=== Section Start ===

Definition walkn (n : nat) (x y : T) : bool :=
  [exists p : n.-tuple T, path e x p && (last x p == y)].

(* graph distance: least n with a walk of length n from x to y
   (for a connected graph this is < #|T|; default #|T| otherwise) *)
Definition gdist (x y : T) : nat := find (fun n => walkn n x y) (iota 0 #|T|).

Definition couplings (R : realType) (m1 m2 : T -> R) : set (T -> T -> R) :=
  [set A | (forall x y, 0 <= A x y <= 1) /\
           (forall x, \sum_(y : T) A x y = m1 x) /\
           (forall y, \sum_(x : T) A x y = m2 y)].

Definition Wdist (R : realType) (m1 m2 : T -> R) : R :=
  inf [set c : R | exists2 A, couplings m1 m2 A &
         c = \sum_(x : T) \sum_(y : T) A x y * (gdist x y)%:R].

Definition lazy_walk (R : realType) (alpha : R) (x : T) : T -> R :=
  fun v => if v == x then alpha
           else if e x v then (1 - alpha) / (#|nbhd x|)%:R else 0.

Definition kappa_alpha (R : realType) (alpha : R) (x y : T) : R :=
  1 - Wdist (lazy_walk alpha x) (lazy_walk alpha y) / (gdist x y)%:R.

Definition kappa_LLY (R : realType) (x y : T) : R :=
  let f : R -> R := fun alpha => kappa_alpha alpha x y / (1 - alpha) in
  lim (f @ at_left (1 : R)).

Definition perfect_matching_between (A B : {set T}) : Prop :=
  exists f : T -> T,
    [/\ {in A, forall a, f a \in B /\ e a (f a)},
        {in A &, injective f} &
        {in B, forall b, exists2 a, a \in A & f a = b}].

End Graphs.

(* If Hall's condition fails for N(u) \ {v} and N(v) \ {u}, pick a deficient
   S in N(u) \ {v}: fewer than |S| vertices of N(v) \ {u} have a neighbour in S.
   The potential equal to 2 at u, 3 on S, 2 on the neighbours of S in N(v) \ {u},
   0 on the rest of N(v) \ {u} and 1 elsewhere is 1-Lipschitz from N[u] to N[v]:
   the only delicate pair is S against its non-neighbours in N(v) \ {u}, which
   lie at distance at least 3 because a common neighbour would close a triangle
   or a pentagon through u and v. Its mean under the lazy walk from u exceeds its
   mean under the lazy walk from v by at least 1, so by the easy half of
   Kantorovich duality W(m_u, m_v) >= 1 = d(u, v) for every laziness, hence
   kappa_LLY(u, v) <= 0. Otherwise Hall's theorem gives a matching, which is
   perfect since both sides have d - 1 vertices. *)

From mathcomp Require Import all_boot all_order all_algebra.
From mathcomp Require Import all_classical all_reals all_analysis.
(* Re-imported last so that finset names (subsetP, set0, ...) shadow classical_sets ones. *)
From mathcomp Require Import fintype finset zify lra.
Set Implicit Arguments.
Unset Strict Implicit.
Unset Printing Implicit Defensive.
Import Order.TTheory GRing.Theory Num.Theory numFieldNormedType.Exports.

Section Hall.
Variables (T : finType) (r : rel T).
Implicit Types (A B C S : {set T}) (a b : T).

Definition nbhd_in B S : {set T} :=
  [set b in B | [exists a in S, r a b]].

=== Section End ===

▸ **Goal of the exercise**:
Copy out every line from the records that has the word "forall".

▸ **Written response**:
  [set A | (forall x y, 0 <= A x y <= 1) /\
           (forall x, \sum_(y : T) A x y = m1 x) /\
           (forall y, \sum_(x : T) A x y = m2 y)].
    [/\ {in A, forall a, f a \in B /\ e a (f a)},
        {in B, forall b, exists2 a, a \in A & f a = b}].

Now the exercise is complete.